---------- MATERIAL PROVIDED

(* The numerical inequality behind the choice N = 2 ^ 2 ^ (P + 5):
   twice the number of smooth numbers is at most N. *)
Lemma smooth_bound_exp P : 2 * (2 ^ (P + 5)).+1 ^ P.+1 <= 2 ^ 2 ^ (P + 5).
Proof.
have poly_le_exp t : (t + 6) * (t + 1) + 1 <= 2 ^ (t + 5).
  elim: t => [//|t IHt]; have := ltn_expl t (isT : 1 < 2).
  rewrite addSn expnS expnD mulnC in IHt *; nia.
apply: (@leq_trans (2 * (2 ^ (P + 6)) ^ P.+1)).
  rewrite leq_mul2l leq_exp2r // (_ : P + 6 = (P + 5).+1) ?expnS; last by lia.
  by have := expn_gt0 2 (P + 5); lia.
by rewrite -expnM -expnS leq_exp2l //; have := poly_le_exp P; lia.
Qed.

(* At most half of 1, ..., N are P-smooth for N = 2 ^ 2 ^ (P + 5), so the
   multiples of the primes in (P, N] make up the other half. *)
Lemma primes_cover P (N := 2 ^ 2 ^ (P + 5)) :
  N <= N %/ 2 + \sum_(P.+1 <= p < N.+1 | prime p) N %/ p.
Proof.
have split_N : N = \sum_(x < N) smooth P x.+1 + \sum_(x < N) ~~ smooth P x.+1.
  rewrite -big_split /=; transitivity (\sum_(x < N) 1).
    by rewrite big_const_ord iter_addn_0 mul1n.
  by apply: eq_bigr => x _; case: smooth.
have card_smooth_eq : \sum_(x < N) smooth P x.+1 = #|[set x : 'I_N | smooth P x.+1]|.
  by rewrite -sum1dep_card [RHS]big_mkcond; apply: eq_bigr => x _; case: smooth.
rewrite [X in X <= _]split_N leq_add ?count_nonsmooth // card_smooth_eq.
by rewrite (leq_trans (card_smooth P _)) // leq_divRL ?expn_gt0 // mulnC smooth_bound_exp.
Qed.

Local Open Scope ring_scope.

Lemma prime_reciprocals_half P : exists2 K, (P < K)%N &
  1 / 2 <= \sum_(P.+1 <= p < K | prime p) (p%:R : rat)^-1.
Proof.
pose N := (2 ^ 2 ^ (P + 5))%N.
have N_gt0 : (0 < N)%N by rewrite expn_gt0.
have P_le_N : (P <= N)%N.
  have P_le_2P := ltnW (ltn_expl P (ltnSn 1)).
  rewrite (leq_trans P_le_2P) // leq_exp2l // (leq_trans P_le_2P) //.
  by rewrite leq_exp2l ?leq_addr.
exists N.+1 => //; set s := \sum_(_ <= p < _ | _) _.
have cover : (N <= N %/ 2 + \sum_(P.+1 <= p < N.+1 | prime p) N %/ p)%N.
  exact: primes_cover.
have half_le : ((N %/ 2)%:R : rat) <= N%:R / 2.
  by rewrite ler_pdivlMr // -natrM ler_nat leq_divM.
have tail_le : \sum_(P.+1 <= p < N.+1 | prime p) ((N %/ p)%:R : rat) <= N%:R * s.
  rewrite mulr_sumr; apply: ler_sum => p p_pr.
  by rewrite ler_pdivlMr ?ltr0n ?prime_gt0 // -natrM ler_nat leq_divM.
rewrite -(ler_nat rat) natrD natr_sum in cover.
have N_pos : (0 : rat) < N%:R by rewrite ltr0n.
rewrite -(ler_pM2l N_pos); lra.
Qed.

Lemma prime_reciprocals_unbounded P (B : nat) : exists2 K, (P < K)%N &
  B%:R <= \sum_(P.+1 <= p < K | prime p) (p%:R : rat)^-1.
Proof.
suff [K P_lt_K sum_ge] : exists2 K, (P < K)%N &
    (2 * B)%:R / 2 <= \sum_(P.+1 <= p < K | prime p) (p%:R : rat)^-1.
  by exists K; rewrite // natrM in sum_ge; lra.
elim: (2 * B)%N => [|b [K P_lt_K IHb]].
  by exists P.+1; rewrite // mul0r sumr_ge0 // => p _; rewrite invr_ge0.
have [K' K_le_K' half_le] := prime_reciprocals_half K.-1.
rewrite prednK ?(leq_ltn_trans _ P_lt_K) // in K_le_K' half_le.
exists K'; first exact: leq_trans K_le_K'.
rewrite (big_cat_nat P_lt_K K_le_K') /= -addn1 natrD mulrDl.
exact: lerD.
Qed.

(* 1 / k^2 <= 1 / (k - 1) - 1 / k for k >= 2, so the tail of the series of
   inverse squares beyond P telescopes to at most 1 / P. *)
Lemma inv_sq_tail P K : (0 < P)%N ->
  \sum_(P.+1 <= k < K) ((k ^ 2)%:R : rat)^-1 <= P%:R^-1.
Proof.
move=> P_gt0; have [K_le|P_lt_K] := leqP K P.+1.
  by rewrite big_geq // invr_ge0.
pose f k : rat := - (k.-1)%:R^-1.
have step k : (P < k)%N -> ((k ^ 2)%:R : rat)^-1 <= f k.+1 - f k.
  case: k => [//|j] P_lt_j; rewrite /f /= opprK addrC.
  have x_pos : (0 : rat) < j%:R by rewrite ltr0n; lia.
  rewrite natrX -addn1 natrD; set x := j%:R in x_pos *.
  rewrite -subr_ge0 (_ : _ - _ = (x * (x + 1) ^+ 2)^-1); last first.
    by field; rewrite !gt_eqF // ltr_wpDr.
  by rewrite invr_ge0 ltW // mulr_gt0 // exprn_gt0 // ltr_wpDr.
apply: (le_trans (ler_sum_nat (fun k Pk => step k (andP Pk).1))).
by rewrite telescope_sumr 1?ltnW //= /f opprK gerDr oppr_le0 invr_ge0.
Qed.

--------------------

### EXERCISE DIRECTIONS
All lines above from the one holding "1 / 2 <= \sum_(P.+1" to the one holding "have step k", inclusive, are to be copied exactly; no other line is wanted.

### ANSWER TO THIS TASK
  1 / 2 <= \sum_(P.+1 <= p < K | prime p) (p%:R : rat)^-1.
Proof.
pose N := (2 ^ 2 ^ (P + 5))%N.
have N_gt0 : (0 < N)%N by rewrite expn_gt0.
have P_le_N : (P <= N)%N.
  have P_le_2P := ltnW (ltn_expl P (ltnSn 1)).
  rewrite (leq_trans P_le_2P) // leq_exp2l // (leq_trans P_le_2P) //.
  by rewrite leq_exp2l ?leq_addr.
exists N.+1 => //; set s := \sum_(_ <= p < _ | _) _.
have cover : (N <= N %/ 2 + \sum_(P.+1 <= p < N.+1 | prime p) N %/ p)%N.
  exact: primes_cover.
have half_le : ((N %/ 2)%:R : rat) <= N%:R / 2.
  by rewrite ler_pdivlMr // -natrM ler_nat leq_divM.
have tail_le : \sum_(P.+1 <= p < N.+1 | prime p) ((N %/ p)%:R : rat) <= N%:R * s.
  rewrite mulr_sumr; apply: ler_sum => p p_pr.
  by rewrite ler_pdivlMr ?ltr0n ?prime_gt0 // -natrM ler_nat leq_divM.
rewrite -(ler_nat rat) natrD natr_sum in cover.
have N_pos : (0 : rat) < N%:R by rewrite ltr0n.
rewrite -(ler_pM2l N_pos); lra.
Qed.

Lemma prime_reciprocals_unbounded P (B : nat) : exists2 K, (P < K)%N &
  B%:R <= \sum_(P.+1 <= p < K | prime p) (p%:R : rat)^-1.
Proof.
suff [K P_lt_K sum_ge] : exists2 K, (P < K)%N &
    (2 * B)%:R / 2 <= \sum_(P.+1 <= p < K | prime p) (p%:R : rat)^-1.
  by exists K; rewrite // natrM in sum_ge; lra.
elim: (2 * B)%N => [|b [K P_lt_K IHb]].
  by exists P.+1; rewrite // mul0r sumr_ge0 // => p _; rewrite invr_ge0.
have [K' K_le_K' half_le] := prime_reciprocals_half K.-1.
rewrite prednK ?(leq_ltn_trans _ P_lt_K) // in K_le_K' half_le.
exists K'; first exact: leq_trans K_le_K'.
rewrite (big_cat_nat P_lt_K K_le_K') /= -addn1 natrD mulrDl.
exact: lerD.
Qed.

(* 1 / k^2 <= 1 / (k - 1) - 1 / k for k >= 2, so the tail of the series of
   inverse squares beyond P telescopes to at most 1 / P. *)
Lemma inv_sq_tail P K : (0 < P)%N ->
  \sum_(P.+1 <= k < K) ((k ^ 2)%:R : rat)^-1 <= P%:R^-1.
Proof.
move=> P_gt0; have [K_le|P_lt_K] := leqP K P.+1.
  by rewrite big_geq // invr_ge0.
pose f k : rat := - (k.-1)%:R^-1.
have step k : (P < k)%N -> ((k ^ 2)%:R : rat)^-1 <= f k.+1 - f k.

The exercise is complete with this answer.